• [DATA FOR REVIEW]:
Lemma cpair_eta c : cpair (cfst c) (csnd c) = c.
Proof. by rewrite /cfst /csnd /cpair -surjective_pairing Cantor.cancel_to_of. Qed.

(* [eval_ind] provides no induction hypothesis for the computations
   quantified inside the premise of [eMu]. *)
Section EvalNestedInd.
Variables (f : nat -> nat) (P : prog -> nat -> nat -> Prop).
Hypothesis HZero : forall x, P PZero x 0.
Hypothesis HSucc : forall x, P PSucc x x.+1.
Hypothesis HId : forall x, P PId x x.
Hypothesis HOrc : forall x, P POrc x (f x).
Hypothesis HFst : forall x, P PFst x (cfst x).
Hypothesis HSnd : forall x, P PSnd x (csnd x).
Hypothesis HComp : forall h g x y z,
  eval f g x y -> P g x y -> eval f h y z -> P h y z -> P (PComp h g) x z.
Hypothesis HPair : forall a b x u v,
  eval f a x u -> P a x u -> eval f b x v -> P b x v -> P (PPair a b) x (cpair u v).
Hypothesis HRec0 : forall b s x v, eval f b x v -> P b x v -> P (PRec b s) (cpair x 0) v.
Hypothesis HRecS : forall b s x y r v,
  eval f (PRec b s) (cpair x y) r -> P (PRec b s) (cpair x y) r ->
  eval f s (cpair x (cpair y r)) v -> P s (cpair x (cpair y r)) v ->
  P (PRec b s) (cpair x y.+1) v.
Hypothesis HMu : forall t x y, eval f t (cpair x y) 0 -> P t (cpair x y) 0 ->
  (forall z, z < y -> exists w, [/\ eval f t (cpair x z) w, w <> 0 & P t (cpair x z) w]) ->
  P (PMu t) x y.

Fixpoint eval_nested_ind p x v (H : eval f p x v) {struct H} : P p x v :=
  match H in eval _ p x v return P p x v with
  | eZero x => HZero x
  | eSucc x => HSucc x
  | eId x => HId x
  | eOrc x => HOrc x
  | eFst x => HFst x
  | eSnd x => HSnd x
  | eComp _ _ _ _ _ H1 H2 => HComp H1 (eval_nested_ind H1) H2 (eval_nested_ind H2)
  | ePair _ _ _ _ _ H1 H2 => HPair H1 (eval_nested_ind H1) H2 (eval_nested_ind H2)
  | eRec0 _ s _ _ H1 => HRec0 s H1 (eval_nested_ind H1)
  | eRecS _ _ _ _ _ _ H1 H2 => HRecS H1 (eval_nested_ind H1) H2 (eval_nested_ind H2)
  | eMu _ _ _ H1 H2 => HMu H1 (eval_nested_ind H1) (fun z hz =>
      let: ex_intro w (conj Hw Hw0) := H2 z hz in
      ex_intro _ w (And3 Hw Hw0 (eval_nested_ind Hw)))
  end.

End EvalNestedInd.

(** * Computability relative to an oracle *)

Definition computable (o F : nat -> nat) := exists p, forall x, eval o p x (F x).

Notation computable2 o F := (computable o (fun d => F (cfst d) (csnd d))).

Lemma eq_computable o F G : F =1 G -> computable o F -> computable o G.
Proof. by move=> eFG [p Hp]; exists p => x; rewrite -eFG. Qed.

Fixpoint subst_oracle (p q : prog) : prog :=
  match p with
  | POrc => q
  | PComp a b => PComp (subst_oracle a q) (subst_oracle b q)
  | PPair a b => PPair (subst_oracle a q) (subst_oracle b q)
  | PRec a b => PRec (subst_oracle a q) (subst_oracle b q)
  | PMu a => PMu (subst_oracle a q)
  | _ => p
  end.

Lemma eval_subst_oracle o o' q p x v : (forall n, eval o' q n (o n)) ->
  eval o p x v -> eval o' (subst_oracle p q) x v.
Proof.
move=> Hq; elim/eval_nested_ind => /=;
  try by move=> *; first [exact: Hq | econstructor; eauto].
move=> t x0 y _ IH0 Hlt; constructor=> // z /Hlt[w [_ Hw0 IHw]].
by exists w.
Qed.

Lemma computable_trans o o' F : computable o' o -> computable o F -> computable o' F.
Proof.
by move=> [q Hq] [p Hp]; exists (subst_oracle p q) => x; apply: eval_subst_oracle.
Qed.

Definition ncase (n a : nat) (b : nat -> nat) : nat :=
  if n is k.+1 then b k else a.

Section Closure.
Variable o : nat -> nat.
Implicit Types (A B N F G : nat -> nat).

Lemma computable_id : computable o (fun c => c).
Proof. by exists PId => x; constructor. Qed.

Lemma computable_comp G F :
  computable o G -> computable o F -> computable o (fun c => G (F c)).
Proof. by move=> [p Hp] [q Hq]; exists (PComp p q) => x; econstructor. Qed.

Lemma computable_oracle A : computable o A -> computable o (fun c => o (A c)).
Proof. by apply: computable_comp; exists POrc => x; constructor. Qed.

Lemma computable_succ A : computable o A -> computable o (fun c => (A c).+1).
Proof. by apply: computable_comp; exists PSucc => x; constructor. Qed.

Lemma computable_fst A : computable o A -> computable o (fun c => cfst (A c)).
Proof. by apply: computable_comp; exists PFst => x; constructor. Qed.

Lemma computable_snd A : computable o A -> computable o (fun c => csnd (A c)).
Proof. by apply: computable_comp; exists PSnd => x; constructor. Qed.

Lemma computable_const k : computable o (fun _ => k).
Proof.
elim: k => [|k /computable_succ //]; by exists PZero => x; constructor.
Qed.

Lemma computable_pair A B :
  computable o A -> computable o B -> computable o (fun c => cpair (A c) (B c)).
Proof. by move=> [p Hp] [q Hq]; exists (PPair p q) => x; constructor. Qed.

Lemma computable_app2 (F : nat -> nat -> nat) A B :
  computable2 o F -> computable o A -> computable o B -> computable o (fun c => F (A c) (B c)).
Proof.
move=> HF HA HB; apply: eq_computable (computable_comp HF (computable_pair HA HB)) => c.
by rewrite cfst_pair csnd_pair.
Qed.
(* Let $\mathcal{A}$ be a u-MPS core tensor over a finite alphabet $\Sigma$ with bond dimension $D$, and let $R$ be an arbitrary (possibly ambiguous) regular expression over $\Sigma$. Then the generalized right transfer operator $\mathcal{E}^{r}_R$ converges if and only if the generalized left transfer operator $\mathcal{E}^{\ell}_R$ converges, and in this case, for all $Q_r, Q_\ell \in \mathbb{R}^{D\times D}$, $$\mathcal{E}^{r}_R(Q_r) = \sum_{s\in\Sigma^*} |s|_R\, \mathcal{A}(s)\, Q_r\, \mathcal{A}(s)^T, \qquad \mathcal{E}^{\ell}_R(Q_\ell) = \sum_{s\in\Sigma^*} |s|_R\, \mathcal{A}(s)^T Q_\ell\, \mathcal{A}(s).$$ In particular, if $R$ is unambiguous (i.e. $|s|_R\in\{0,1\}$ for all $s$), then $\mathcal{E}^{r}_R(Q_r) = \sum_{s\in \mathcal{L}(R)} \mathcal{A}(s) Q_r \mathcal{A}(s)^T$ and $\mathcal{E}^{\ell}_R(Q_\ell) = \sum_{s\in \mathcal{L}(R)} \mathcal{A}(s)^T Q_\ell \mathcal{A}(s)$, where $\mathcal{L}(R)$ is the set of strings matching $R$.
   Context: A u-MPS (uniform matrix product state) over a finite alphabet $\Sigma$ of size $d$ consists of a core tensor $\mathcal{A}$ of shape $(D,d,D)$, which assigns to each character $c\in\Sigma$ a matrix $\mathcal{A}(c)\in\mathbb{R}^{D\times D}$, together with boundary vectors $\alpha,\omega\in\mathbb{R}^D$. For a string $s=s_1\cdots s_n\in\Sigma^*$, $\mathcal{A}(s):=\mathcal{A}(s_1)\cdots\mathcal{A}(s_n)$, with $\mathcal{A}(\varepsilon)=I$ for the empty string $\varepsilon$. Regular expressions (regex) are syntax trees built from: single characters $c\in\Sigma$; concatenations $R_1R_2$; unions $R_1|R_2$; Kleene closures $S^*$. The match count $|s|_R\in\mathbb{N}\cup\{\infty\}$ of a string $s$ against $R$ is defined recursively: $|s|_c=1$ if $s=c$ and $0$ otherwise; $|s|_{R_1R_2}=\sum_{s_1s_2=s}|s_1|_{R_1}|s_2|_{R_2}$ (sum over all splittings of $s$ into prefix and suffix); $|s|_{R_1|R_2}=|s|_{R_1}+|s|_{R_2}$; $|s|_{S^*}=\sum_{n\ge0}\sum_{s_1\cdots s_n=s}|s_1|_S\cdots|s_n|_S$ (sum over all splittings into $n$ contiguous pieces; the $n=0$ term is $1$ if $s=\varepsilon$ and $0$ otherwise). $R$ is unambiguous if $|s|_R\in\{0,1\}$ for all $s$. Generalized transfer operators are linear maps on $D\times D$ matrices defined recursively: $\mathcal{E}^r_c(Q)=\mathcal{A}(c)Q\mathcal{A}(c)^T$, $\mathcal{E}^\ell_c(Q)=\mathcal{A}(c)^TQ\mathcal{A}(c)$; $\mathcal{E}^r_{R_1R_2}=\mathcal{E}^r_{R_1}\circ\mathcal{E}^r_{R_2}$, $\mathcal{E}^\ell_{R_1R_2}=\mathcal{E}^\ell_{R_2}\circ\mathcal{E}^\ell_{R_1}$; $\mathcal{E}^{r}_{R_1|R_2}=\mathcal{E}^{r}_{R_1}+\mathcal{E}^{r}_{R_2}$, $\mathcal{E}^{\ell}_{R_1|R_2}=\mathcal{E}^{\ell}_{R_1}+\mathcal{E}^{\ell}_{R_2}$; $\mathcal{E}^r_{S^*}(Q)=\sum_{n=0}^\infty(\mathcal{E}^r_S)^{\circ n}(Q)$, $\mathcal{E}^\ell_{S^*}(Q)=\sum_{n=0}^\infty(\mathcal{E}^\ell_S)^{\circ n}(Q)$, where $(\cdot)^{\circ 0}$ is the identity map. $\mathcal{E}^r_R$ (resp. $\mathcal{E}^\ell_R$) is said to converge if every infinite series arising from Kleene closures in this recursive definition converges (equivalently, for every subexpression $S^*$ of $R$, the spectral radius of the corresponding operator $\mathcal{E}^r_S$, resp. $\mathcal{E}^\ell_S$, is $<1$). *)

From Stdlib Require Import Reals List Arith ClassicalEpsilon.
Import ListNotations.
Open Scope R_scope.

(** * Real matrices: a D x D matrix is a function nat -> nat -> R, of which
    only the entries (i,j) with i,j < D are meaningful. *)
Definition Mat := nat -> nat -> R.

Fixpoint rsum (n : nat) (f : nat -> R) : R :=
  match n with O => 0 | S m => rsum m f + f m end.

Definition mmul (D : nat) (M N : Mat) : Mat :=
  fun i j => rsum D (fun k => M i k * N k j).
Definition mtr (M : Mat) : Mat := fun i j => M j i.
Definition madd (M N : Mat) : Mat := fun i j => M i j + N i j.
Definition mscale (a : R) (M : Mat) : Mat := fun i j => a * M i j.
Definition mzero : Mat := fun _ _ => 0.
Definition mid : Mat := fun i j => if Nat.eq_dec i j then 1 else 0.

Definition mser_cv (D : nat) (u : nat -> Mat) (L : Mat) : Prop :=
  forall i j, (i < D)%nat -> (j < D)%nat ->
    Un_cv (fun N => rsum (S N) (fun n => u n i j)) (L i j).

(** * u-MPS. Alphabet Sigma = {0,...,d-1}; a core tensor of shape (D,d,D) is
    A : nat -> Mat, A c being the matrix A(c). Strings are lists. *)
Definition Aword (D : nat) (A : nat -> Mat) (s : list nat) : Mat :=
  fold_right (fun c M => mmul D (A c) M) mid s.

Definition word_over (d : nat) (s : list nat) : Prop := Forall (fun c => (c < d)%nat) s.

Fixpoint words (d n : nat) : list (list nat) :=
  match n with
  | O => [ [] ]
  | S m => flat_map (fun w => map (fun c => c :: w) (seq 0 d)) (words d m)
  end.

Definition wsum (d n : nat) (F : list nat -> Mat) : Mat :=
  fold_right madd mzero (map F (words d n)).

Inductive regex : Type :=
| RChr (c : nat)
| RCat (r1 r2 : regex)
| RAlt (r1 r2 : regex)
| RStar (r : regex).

• [EXERCISE BRIEF]:
Set every line down again exactly. Begin with the first line of the entries and finish with the line containing "eval f g x y".

• [EXERCISE SOLUTION]:
Lemma cpair_eta c : cpair (cfst c) (csnd c) = c.
Proof. by rewrite /cfst /csnd /cpair -surjective_pairing Cantor.cancel_to_of. Qed.

(* [eval_ind] provides no induction hypothesis for the computations
   quantified inside the premise of [eMu]. *)
Section EvalNestedInd.
Variables (f : nat -> nat) (P : prog -> nat -> nat -> Prop).
Hypothesis HZero : forall x, P PZero x 0.
Hypothesis HSucc : forall x, P PSucc x x.+1.
Hypothesis HId : forall x, P PId x x.
Hypothesis HOrc : forall x, P POrc x (f x).
Hypothesis HFst : forall x, P PFst x (cfst x).
Hypothesis HSnd : forall x, P PSnd x (csnd x).
Hypothesis HComp : forall h g x y z,
  eval f g x y -> P g x y -> eval f h y z -> P h y z -> P (PComp h g) x z.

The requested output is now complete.